What you are asked to do => Scan the records below for the string "backtracking" and return every line where it appears.

Available data =>
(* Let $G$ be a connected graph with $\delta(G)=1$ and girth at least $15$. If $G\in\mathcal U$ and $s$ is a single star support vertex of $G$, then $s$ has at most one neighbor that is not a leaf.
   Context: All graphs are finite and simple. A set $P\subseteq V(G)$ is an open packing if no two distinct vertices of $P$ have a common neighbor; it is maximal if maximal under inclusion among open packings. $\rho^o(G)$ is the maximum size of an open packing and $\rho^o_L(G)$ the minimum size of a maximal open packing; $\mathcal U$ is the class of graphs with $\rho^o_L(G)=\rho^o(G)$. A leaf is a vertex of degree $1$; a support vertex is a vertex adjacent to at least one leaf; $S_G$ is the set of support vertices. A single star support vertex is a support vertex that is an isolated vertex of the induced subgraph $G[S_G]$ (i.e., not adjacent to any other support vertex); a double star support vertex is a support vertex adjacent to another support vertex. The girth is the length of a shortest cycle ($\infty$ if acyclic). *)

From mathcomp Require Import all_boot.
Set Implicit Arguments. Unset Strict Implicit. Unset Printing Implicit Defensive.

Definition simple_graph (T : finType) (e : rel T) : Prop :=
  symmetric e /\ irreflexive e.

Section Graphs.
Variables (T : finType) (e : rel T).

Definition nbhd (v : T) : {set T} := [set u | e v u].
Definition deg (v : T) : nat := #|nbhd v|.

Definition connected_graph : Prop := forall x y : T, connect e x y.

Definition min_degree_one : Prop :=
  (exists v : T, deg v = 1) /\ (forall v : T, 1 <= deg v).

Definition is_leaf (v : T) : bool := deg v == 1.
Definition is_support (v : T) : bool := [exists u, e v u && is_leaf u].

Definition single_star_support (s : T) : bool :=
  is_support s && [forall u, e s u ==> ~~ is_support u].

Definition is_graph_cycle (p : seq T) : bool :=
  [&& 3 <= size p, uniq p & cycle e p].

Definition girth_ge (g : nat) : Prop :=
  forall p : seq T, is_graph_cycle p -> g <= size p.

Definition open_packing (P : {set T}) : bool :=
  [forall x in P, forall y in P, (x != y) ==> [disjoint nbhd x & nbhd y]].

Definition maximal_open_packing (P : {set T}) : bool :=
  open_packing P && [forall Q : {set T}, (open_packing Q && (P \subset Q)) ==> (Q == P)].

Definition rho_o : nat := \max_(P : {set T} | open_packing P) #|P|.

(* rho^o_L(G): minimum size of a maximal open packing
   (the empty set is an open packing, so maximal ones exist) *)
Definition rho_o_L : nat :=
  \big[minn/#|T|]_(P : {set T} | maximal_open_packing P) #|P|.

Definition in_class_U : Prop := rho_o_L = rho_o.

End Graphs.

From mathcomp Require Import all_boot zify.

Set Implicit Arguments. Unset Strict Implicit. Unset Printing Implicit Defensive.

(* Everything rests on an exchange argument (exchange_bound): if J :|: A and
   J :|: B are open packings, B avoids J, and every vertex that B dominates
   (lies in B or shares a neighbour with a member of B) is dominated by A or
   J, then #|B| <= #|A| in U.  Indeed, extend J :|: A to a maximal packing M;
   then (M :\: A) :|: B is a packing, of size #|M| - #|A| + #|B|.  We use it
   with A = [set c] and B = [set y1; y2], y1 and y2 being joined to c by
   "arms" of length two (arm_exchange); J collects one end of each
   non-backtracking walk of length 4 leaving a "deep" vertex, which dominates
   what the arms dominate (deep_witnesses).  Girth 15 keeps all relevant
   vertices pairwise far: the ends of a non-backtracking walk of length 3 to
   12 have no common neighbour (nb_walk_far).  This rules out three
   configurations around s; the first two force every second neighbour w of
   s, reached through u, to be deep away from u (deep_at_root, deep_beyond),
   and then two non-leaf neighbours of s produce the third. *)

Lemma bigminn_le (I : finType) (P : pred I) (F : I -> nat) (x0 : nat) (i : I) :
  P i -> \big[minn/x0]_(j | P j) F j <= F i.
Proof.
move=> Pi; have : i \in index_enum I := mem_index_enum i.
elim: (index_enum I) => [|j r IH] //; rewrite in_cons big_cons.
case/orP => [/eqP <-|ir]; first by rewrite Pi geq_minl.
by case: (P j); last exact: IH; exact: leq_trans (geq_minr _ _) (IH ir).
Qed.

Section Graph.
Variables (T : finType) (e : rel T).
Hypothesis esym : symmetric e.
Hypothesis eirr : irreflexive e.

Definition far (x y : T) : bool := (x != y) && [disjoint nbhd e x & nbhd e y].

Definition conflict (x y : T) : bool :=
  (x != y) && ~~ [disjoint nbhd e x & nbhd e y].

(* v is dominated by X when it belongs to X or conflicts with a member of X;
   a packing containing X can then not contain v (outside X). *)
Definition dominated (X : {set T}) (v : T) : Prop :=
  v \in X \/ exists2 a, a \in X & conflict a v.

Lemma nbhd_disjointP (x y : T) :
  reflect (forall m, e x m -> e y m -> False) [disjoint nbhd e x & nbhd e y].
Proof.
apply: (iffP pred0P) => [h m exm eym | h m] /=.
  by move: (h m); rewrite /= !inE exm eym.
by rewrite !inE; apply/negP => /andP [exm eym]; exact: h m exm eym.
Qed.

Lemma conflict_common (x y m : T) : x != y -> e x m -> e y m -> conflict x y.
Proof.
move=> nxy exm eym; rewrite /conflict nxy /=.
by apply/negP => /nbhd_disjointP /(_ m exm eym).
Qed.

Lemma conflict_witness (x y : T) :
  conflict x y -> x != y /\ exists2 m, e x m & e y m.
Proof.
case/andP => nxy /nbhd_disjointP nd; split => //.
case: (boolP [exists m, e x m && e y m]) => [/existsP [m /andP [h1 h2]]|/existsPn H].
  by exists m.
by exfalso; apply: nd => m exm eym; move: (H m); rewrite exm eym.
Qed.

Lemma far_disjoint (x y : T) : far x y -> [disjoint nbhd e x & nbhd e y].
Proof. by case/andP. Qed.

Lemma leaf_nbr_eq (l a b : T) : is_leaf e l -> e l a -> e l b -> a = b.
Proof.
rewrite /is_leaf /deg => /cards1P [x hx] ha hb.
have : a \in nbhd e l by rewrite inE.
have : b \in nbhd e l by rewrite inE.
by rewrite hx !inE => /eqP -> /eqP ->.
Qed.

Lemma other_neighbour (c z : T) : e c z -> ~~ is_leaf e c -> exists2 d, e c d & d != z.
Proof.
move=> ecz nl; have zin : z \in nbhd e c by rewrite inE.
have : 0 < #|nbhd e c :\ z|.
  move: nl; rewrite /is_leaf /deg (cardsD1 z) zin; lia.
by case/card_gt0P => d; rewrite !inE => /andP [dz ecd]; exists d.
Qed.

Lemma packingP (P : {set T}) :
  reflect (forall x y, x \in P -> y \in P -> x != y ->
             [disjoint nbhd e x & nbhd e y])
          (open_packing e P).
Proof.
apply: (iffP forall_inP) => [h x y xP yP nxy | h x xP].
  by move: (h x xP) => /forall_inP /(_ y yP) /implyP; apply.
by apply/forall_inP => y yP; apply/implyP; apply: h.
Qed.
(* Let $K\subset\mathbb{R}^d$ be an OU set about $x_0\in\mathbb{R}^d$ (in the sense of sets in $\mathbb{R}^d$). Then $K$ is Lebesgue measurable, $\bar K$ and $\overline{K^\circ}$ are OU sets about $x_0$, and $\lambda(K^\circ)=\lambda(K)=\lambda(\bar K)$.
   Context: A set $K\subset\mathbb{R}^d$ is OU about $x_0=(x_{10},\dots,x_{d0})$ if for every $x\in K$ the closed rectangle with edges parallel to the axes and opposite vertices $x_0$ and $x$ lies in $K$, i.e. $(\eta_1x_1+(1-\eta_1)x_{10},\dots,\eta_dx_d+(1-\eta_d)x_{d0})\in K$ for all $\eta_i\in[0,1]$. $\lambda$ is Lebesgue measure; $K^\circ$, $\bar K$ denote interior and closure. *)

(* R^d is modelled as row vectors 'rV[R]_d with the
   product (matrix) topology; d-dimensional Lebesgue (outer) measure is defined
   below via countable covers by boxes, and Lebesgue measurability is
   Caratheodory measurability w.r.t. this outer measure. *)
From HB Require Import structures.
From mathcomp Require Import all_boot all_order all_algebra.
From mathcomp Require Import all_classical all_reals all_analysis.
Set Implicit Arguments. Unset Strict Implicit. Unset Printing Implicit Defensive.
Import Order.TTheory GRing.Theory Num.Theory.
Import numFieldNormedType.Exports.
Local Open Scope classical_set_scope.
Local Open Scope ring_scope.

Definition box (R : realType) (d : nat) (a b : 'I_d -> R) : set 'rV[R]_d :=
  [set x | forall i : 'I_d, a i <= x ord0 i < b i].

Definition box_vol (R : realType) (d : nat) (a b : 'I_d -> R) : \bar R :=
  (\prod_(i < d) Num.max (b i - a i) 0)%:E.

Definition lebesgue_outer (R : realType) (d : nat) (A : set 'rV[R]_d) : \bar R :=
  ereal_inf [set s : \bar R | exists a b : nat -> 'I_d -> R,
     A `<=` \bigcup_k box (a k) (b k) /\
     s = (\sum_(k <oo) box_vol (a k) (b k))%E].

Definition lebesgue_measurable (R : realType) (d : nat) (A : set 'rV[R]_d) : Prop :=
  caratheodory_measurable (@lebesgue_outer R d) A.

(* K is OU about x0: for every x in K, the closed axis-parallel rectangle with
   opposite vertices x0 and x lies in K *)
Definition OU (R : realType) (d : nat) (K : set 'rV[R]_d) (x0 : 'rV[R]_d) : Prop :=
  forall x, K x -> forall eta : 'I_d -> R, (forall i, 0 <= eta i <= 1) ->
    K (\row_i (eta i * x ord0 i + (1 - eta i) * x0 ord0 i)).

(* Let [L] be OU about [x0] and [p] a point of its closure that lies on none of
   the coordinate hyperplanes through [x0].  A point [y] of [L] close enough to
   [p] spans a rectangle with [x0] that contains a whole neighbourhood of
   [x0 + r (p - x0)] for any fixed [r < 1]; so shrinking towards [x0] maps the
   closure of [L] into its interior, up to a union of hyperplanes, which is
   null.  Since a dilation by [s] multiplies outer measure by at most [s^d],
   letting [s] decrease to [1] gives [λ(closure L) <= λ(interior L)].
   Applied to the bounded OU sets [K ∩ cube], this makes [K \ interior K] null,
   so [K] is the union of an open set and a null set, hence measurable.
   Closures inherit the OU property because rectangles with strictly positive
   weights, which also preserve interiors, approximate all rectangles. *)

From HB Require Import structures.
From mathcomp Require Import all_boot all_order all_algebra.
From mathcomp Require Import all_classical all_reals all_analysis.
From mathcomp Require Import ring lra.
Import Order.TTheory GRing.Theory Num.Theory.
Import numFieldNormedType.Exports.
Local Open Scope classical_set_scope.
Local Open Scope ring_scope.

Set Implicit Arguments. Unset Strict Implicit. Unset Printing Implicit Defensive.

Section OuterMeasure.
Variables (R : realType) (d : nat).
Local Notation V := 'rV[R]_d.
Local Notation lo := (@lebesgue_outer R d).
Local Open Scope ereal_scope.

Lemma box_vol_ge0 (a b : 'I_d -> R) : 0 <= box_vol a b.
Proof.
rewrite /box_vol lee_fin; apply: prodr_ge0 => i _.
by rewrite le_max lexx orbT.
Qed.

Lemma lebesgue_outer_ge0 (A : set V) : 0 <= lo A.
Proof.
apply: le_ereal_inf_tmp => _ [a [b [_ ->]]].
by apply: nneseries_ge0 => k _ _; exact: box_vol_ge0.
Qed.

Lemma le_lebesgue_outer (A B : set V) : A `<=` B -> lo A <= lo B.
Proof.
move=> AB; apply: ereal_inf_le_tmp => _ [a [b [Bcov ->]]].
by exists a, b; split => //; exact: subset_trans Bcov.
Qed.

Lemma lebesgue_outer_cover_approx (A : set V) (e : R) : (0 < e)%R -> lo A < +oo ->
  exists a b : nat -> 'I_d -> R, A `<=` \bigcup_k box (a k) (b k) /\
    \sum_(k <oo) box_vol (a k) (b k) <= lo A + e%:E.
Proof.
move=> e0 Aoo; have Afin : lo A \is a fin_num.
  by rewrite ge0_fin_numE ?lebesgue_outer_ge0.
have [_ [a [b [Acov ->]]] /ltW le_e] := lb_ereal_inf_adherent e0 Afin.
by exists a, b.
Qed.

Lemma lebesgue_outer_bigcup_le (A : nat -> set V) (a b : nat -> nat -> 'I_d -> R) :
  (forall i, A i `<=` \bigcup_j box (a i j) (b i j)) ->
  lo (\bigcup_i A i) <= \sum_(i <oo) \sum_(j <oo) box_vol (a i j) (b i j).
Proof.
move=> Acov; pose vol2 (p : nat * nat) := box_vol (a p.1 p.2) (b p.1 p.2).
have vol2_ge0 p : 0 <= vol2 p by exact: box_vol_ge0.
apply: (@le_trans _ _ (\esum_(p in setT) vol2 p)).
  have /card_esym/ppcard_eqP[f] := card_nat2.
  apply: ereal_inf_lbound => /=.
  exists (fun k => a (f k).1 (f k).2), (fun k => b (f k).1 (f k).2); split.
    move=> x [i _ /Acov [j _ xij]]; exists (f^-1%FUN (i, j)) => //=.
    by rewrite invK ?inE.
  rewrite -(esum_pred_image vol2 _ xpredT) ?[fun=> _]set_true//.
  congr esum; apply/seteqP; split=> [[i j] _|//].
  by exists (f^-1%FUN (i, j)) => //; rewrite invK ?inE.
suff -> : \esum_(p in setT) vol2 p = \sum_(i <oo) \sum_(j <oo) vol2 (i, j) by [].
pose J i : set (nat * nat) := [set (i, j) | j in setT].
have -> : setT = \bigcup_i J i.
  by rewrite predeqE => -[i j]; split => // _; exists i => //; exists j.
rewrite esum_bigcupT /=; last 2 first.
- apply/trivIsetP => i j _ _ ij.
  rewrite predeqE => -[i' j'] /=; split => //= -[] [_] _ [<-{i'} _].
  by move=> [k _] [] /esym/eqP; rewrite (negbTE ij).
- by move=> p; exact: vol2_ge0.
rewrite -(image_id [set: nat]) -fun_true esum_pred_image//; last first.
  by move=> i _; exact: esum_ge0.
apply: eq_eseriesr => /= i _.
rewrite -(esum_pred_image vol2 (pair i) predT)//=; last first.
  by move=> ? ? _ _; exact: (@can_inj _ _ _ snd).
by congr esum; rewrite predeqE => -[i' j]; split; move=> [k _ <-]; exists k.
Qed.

Response area =>
   non-backtracking walk of length 4 leaving a "deep" vertex, which dominates
   vertices pairwise far: the ends of a non-backtracking walk of length 3 to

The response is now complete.